2. The trial court upheld the validity of the contract of sale between petitioner Malabanan
and petitioner Senolos. The trial court declared that petitioner Malabanan had not
violated Presidential Decree No. 1517, which provides a preemptive right on the part of
a lessee over the leased property. The trial court stressed that respondent Gaw Ching
had been given ample opportunity to exercise any right of first refusal he might have
had, but he had chosen not to do so.

Issue
Whether or not the CA erred in ruling for the annulment of the deed of sale and a grant for
damages.

Ruling

The Court Resolved to GRANT the Petition and to REVERSE and SET ASIDE the Decision of
the then Intermediate Appellate Court, and the decision of the Trial Court is reinstated.

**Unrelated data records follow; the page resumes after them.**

(* Let $(G,\mathcal{P})$, $(H,\mathcal{Q})$ be group pairs with finite generating sets $S$ of $G$ and $T$ of $H$, and let $f=(f_1,f_2)\colon(G,\mathcal{P})\to(H,\mathcal{Q})$ be an $(L,C,M)$-Lipschitz map of pairs. (i) For all $\alpha,\alpha'\in\mathbb{N}$ with $\alpha'\ge L\alpha+C+M$, there is a simplicial map $f_*\colon\hat R_\alpha(G,\mathcal{P},S)\to\hat R_{\alpha'}(H,\mathcal{Q},T)$ given on vertices by $f_1\sqcup f_2$. (ii) Let $r\colon(H,\mathcal{Q})\to(G,\mathcal{P})$ be an $(L,C,M)$-Lipschitz map of pairs such that $(f,r)$ is an $(L,C,M)$-quasi-retraction of pairs. For all $\alpha,\alpha',\beta,\beta'\in\mathbb{N}$ with $\alpha'\ge L\alpha+C+M$, $\beta'\ge\alpha'$, $\beta\ge L\beta'+2C+M$, the composite $\hat R_\alpha(G,\mathcal{P},S)\xrightarrow{f_*}\hat R_{\alpha'}(H,\mathcal{Q},T)\hookrightarrow\hat R_{\beta'}(H,\mathcal{Q},T)\xrightarrow{r_*}\hat R_\beta(G,\mathcal{P},S)$ is simplicially homotopic to the inclusion $\hat R_\alpha(G,\mathcal{P},S)\hookrightarrow\hat R_\beta(G,\mathcal{P},S)$. In particular, for every $i\in\mathbb{N}$, if $(H_i(\hat R_{\alpha'}(H,\mathcal{Q},T);\mathbb{Z}))_{\alpha'\in\mathbb{N}}$ is essentially trivial, then $(H_i(\hat R_\alpha(G,\mathcal{P},S);\mathbb{Z}))_{\alpha\in\mathbb{N}}$ is essentially trivial.
   Context: A group pair $(G,\mathcal{P})$: $G$ finitely generated, $\mathcal{P}$ a non-empty finite collection of subgroups (repetitions allowed); $G/\mathcal{P}=\coprod_{P\in\mathcal{P}}G/P$, elements viewed as cosets (subsets of $G$). $d_S$ is the word metric. $f$ is $(L,C)$-Lipschitz if $d(f(x),f(x'))\le L\,d(x,x')+C$. For $L\ge1,C\ge0,M\ge0$, an $(L,C,M)$-Lipschitz map of pairs $f=(f_1,f_2)$ is an $(L,C)$-Lipschitz $f_1\colon G\to H$ and a function $f_2\colon G/\mathcal{P}\to H/\mathcal{Q}$ with Hausdorff distance between $f_1(A)$ and $f_2(A)$ less than $M$ for all $A$. $(f,r)$ is an $(L,C,M)$-quasi-retraction of pairs if moreover $d_G(r_1f_1(g),g)\le C$ for all $g\in G$ and $r_2\circ f_2=\mathrm{id}_{G/\mathcal{P}}$ (with $r_*$ the simplicial map of part (i) for $r$). Elements of $G/\mathcal{P}$ are cone vertices. A finite $U\subseteq G\sqcup G/\mathcal{P}$ is a unicone subset of diameter $\le\alpha$ if $U\cap G$ has $d_S$-diameter $\le\alpha$ and $U$ contains at most one cone vertex $A$, in which case every $g\in U\cap G$ has $a\in A$ with $d_S(g,a)\le\alpha$. $\hat R_\alpha(G,\mathcal{P},S)$ is the simplicial complex whose simplices are these subsets; for $\beta\ge\alpha$ it is a subcomplex of $\hat R_\beta$. A directed system of groups is essentially trivial if each $H_\alpha$ maps trivially to some $H_\beta$, $\beta\ge\alpha$. *)

From mathcomp Require Import all_boot all_order all_algebra.
From mathcomp Require Import boolp reals.
From Stdlib Require List.
Set Implicit Arguments. Unset Strict Implicit. Unset Printing Implicit Defensive.
Import Order.TTheory GRing.Theory Num.Theory.
Local Open Scope ring_scope.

There is a limitation of the right of a person injured by a contract between two (2) third parties
to sue to nullify that contract, which is that contract may be nullified only to the extent
necessary to protect the plaintiff’s lawful rights. Respondent Gaw Ching does not fall within the
possible exception, as he had no legal right of preemption in respect of the house and lot
involved. The redemptive rights of a lessee under P.D. No. 1517 exist only in respect of one who
built his house on someone else’s lot and lived there for more than 10 years. In this case, where
both land and building belong to the lessor, that redemptive right was simply not available
under the law. Moreover, it must be stressed that petitioner Malabanan ordered the land three
times to Gaw Ching but the latter had consistently refused to buy. Since Gaw Ching did not in
fact accept the offer to sell and did not buy the land, he suffered no prejudice nor fraud from the
sale. Moreover, the order of condemnation or demolition had been issued by the proper
authorities which order was valid and subsisting at the time the demolition was actually carried
out. Gaw Ching had ample notice of the demolition order and had adequate time to remove his
belongings from the premises if he minded obeying the order for demolition. He chose not to
obey that order. If he did su er any losses — the trial court did not believe his claims that he did
— he had only himself to blame.

Case: CARANTES v. COURT OF APPEALS


Doctrine: Art 1391 provides that an action for annulment must be brought within FOUR (4) years. If
the ground is a fraud, its prescriptive period is four years from the time of the discovery of the fraud. If
the ground is intimidation/violence/undue influence, its prescriptive period is from the time the defect of
the consent ceases)

Facts
Mateo Carantes was the original owner of a certain parcel of land. When he died, he was
survived by his wife and six children. Subsequently, the parcel of land was subjected to
expropriation and was later on indeed expropriated. A deed denominated as Assignment of
Right of Inheritance was executed by four of Mateo’s children assigning Maximo Carantes their
rights to inheritance over the lot. Maximo then sold the remaining lots to the government and
also registered on Mar. 16, 1940, the deed of Assignment of Right to Inheritance. The still
remaining lot was issued in the name of Maximo. A complaint was filed against Maximo
alleging that the deed be annulled on the ground of fraud. The trial court rendered a decision
stating that the plaintiff’s right of action has been prescribed. The CA reversed the decision.

Issue
Whether or not the plaintiff’s right of action has been prescribed.

Ruling
The present action, being one to annul the contract on the ground of fraud, its prescriptive
period is four years from the time of the discovery of the fraud. The weight of authorities is to
effect that the registration of an instrument in the Office of the Register of Deeds constitutes
constructive notice to the whole world, and therefore, the discovery of the fraud is deemed to
have taken place at the time of the registration. In this case, the deed of assignment was
registered on Mar. 16, 1940. The four-year period within which the private respondents could
have filed the present action consequently commenced on Mar. 16, 1940; and since they filed it
only on Sept. 4, 1958, it follows that the same is barred by the statute of limitations.